Following a series of major outages in the summer of 2023, Airbnb's Cloud Infrastructure team made a decision: migrate every single one of their production services (over 1,000 of them) from regional Kubernetes clusters to zonal clusters. In under a year. With zero user-visible downtime.

Sunny Beatteay (Airbnb) will share how a five-person team operationalized this migration across thousands of workloads and a 3,000-engineer organization. The talk explores the technical and organizational strategies behind the effort: rollout automation, capacity planning, and cross-team coordination at a scale that most of us will never have to deal with, and probably never want to.

If you've ever navigated a "we need to change the foundation while keeping the house standing" migration, Sunny's talk is for you.

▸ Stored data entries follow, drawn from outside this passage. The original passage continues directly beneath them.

Lemma doob_increment_cond_exp0 i : (1 <= i <= n)%N ->
  is_cond_exp P (Fsig X i.-1) (fun w => U i w - V i w) (fun _ => 0).
Proof.
move=> iH; have /andP[_ i_le_n] := iH.
have [_ IU _ _] := HU iH; have [_ IV _ _] := HV iH.
split.
- by apply/F_measurableP; exact: measurable_cst.
- exact: finite_measure_integrable_cst.
- exact: integrable_EFinB.
move=> B FB; have FiB : Fsig X i B by exact: Fsig_mono (leq_pred i) _ FB.
have mB : measurable B by exact: Fsig_meas i_le_n _ FiB.
rewrite !Rintegral_EFin //; last 2 first.
- by apply: integrable_EFinB => //; [exact: integrableS IU|exact: integrableS IV].
- exact: finite_measure_integrable_cst.
rewrite Rintegral_cst // mul0r RintegralB //;
  [|exact: integrableS IU|exact: integrableS IV].
by rewrite (cond_exp_Rintegral (HU iH) FiB) (cond_exp_Rintegral (HV iH) FB) subrr.
Qed.

Lemma doob_U_step i : (1 <= i < n)%N ->
  {ae P, forall w, U i w = X i w + V i.+1 w}.
Proof.
move=> /andP[i_ge1 i_lt_n].
have iH : (1 <= i <= n)%N by rewrite i_ge1 ltnW.
have i1H : (1 <= i.+1 <= n)%N by rewrite i_lt_n.
have [mU IU _ _] := HU iH; have [mV IV Itail _] := HV i1H.
apply: (ae_eq_of_Rintegral_eq (Fsig_meas (ltnW i_lt_n))).
- exact/F_measurableP.
- apply: measurable_funD; last exact/F_measurableP.
  exact: measurable_Xi_Fspace.
- exact: IU.
- exact: integrable_EFinD (IX iH) IV.
move=> B FB; have mB := Fsig_meas (ltnW i_lt_n) FB.
rewrite (cond_exp_Rintegral (HU iH) FB) RintegralD //; last 2 first.
- exact: integrableS (IX iH).
- exact: integrableS IV.
rewrite (cond_exp_Rintegral (HV i1H) FB) -RintegralD //; last 2 first.
- exact: integrableS (IX iH).
- exact: integrableS Itail.
by apply: eq_Rintegral => w _; rewrite tailsum_recl // ltnW.
Qed.
Definition is_eigfun (f : 'I_n -> R) (t : R) :=
  forall y, \sum_(z | e y z) f z = t * f y.

Lemma sphere_sumE f x i : sphere_sum f x i = \sum_z f z * (d x z == i)%:R.
Proof.
rewrite /sphere_sum big_mkcond; apply: eq_bigr => z _.
by case: (d x z == i); rewrite ?mulr1n ?mulr0n ?mulr1 ?mulr0.
Qed.

Lemma sphere_sum0 f x : sphere_sum f x 0 = f x.
Proof. by rewrite /sphere_sum (big_pred1 x) // => z; rewrite /= gdist_eq0. Qed.

Lemma sphere_sum_gt_diameter f x : sphere_sum f x D.+1 = 0.
Proof.
rewrite /sphere_sum big_pred0 // => z; apply/negbTE/eqP => dxz.
by have := gdist_le_diameter e x z; rewrite dxz ltnn.
Qed.

(* Summing [f] over the neighbours of each vertex of the [i]-th sphere counts
   each vertex of the spheres [i - 1], [i], [i + 1] with weight [b], [a], [c]. *)
Lemma sphere_sum_adj f x i :
  \sum_(y | d x y == i) \sum_(z | e y z) f z =
    cR i.+1 * sphere_sum f x i.+1 + aR i * sphere_sum f x i
    + (if i is j.+1 then bR j * sphere_sum f x j else 0).
Proof.
rewrite (exchange_big_dep xpredT) //=.
transitivity (\sum_z f z * \sum_(y | e z y) ((d x y == i)%:R : R)).
  apply: eq_bigr => z _; rewrite sumr_const_card sumr_indicator mulrC.
  by congr (_ * _%:R); apply: eq_card => y; rewrite !inE e_sym andbC.
have -> : (if i is j.+1 then bR j * sphere_sum f x j else 0) =
    \sum_z f z * (bR (d x z) * ((d x z).+1 == i)%:R).
  case: i => [|j]; first by rewrite big1 // => z _; rewrite mulr0 mulr0.
  rewrite sphere_sumE mulr_sumr; apply: eq_bigr => z _; rewrite eqSS.
  by case: eqP => [->|_]; rewrite ?mulr0 ?mulr1 // mulrC.
rewrite !sphere_sumE !mulr_sumr -!big_split /=; apply: eq_bigr => z _.
rewrite (drg_nbr_sum (fun j => (j == i)%:R)) /=; move: (d x z) => g.
have -> : cR g * (g.-1 == i)%:R = cR i.+1 * (g == i.+1)%:R.
  case: g => [|g] /=; first by rewrite drg_c0 mul0r mulr0.
  by rewrite eqSS; case: eqP => [->|_]; rewrite ?mulr0.
have -> : aR g * (g == i)%:R = aR i * (g == i)%:R.
  by case: eqP => [->|_]; rewrite ?mulr0n ?mulr0.
by rewrite !mulrDr !mulrA ![f z * _]mulrC -!mulrA.
Qed.

(* [vseq t i] is the polynomial [v_i] of Brouwer-Cohen-Neumaier evaluated at
   [t]: the sum of an eigenvector over the [i]-th sphere is [v_i(t)] times its
   value at the centre (see [sphere_sum_eigfun]). *)
Fixpoint vseq (t : R) (i : nat) : R :=
  match i with
  | 0 => 1
  | 1 => (t - aR 0) / cR 1
  | S (S j as i) => ((t - aR i) * vseq t i - bR j * vseq t j) / cR i.+1
  end.
Arguments vseq : simpl never.

Lemma vseq1 t : vseq t 1 = (t - aR 0) / cR 1.
Proof. by []. Qed.

Lemma vseqSS t i :
  vseq t i.+2 = ((t - aR i.+1) * vseq t i.+1 - bR i * vseq t i) / cR i.+2.
Proof. by []. Qed.

Definition drg_recurrence (t : R) (s : nat -> R) :=
  forall i, (i < D)%N ->
    cR i.+1 * s i.+1 = (t - aR i) * s i - (if i is j.+1 then bR j * s j else 0).

Lemma vseq_recurrence t : drg_recurrence t (vseq t).
Proof.
move=> i lt_iD; rewrite mulrC; case: i lt_iD => [|i] lt_iD.
  by rewrite vseq1 divfK ?drg_cR_neq0 // mulr1 subr0.
by rewrite vseqSS divfK // drg_cR_neq0.
Qed.

Lemma drg_recurrence_uniq t s s' :
  drg_recurrence t s -> drg_recurrence t s' -> s 0 = s' 0 ->
  forall i, (i <= D)%N -> s i = s' i.
Proof.
move=> rec_s rec_s' eq0.
suff eq2 i : (i <= D)%N -> s i = s' i /\ s i.-1 = s' i.-1 by move=> i /eq2[].
elim: i => [|i IH] lt_iD; first by [].
have [eq_i eq_pi] := IH (ltnW lt_iD); split => //.
apply: (mulfI (drg_cR_neq0 _ : cR i.+1 != 0)); first by rewrite lt_iD.
by rewrite rec_s // rec_s' // eq_i; case: i {IH lt_iD eq_i} eq_pi => [|j] //= ->.
Qed.

Lemma sphere_sum_rec f t x i : is_eigfun f t ->
  cR i.+1 * sphere_sum f x i.+1 =
    (t - aR i) * sphere_sum f x i - (if i is j.+1 then bR j * sphere_sum f x j else 0).
Proof.
move=> eig_f; have := sphere_sum_adj f x i.
rewrite (eq_bigr (fun y => t * f y)) => [|y _]; last exact: eig_f.
rewrite -mulr_sumr -/(sphere_sum f x i) => adj_i.
by rewrite mulrBl adj_i; case: i {adj_i} => [|j] /=; ring.
Qed.

Lemma sphere_sum_eigfun f t x i :
  is_eigfun f t -> (i <= D)%N -> sphere_sum f x i = vseq t i * f x.
Proof.
move=> eig_f; apply: (@drg_recurrence_uniq t _ (fun i => vseq t i * f x)).
- by move=> j _; exact: sphere_sum_rec.
- move=> j lt_jD /=; rewrite mulrA vseq_recurrence //.
  by case: j {lt_jD} => [|j]; ring.
- by rewrite sphere_sum0 mul1r.
Qed.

When: Tuesday, March 24, 2026 | 11:15 – 11:45 CET

‍Where: Hall 8 | Room D

‍Add Sunny's talk to your schedule

What Survived Production: Operating Game Backends at Million-Player Scale

"Keep it lean, keep it minimal." That was the motto when Futureplay Games launched their cloud-native game servers back in 2023. Two years and millions of players later, Berkay Uckac will tell you what actually held up, and what didn't.

This talk is the kind of honest post-mortem you rarely get on a conference stage: what failed fast, what stayed simple, and what proved essential in keeping a live game online at scale. Three engineers. Millions of players. A relentless pressure to design for simplicity without sacrificing reliability.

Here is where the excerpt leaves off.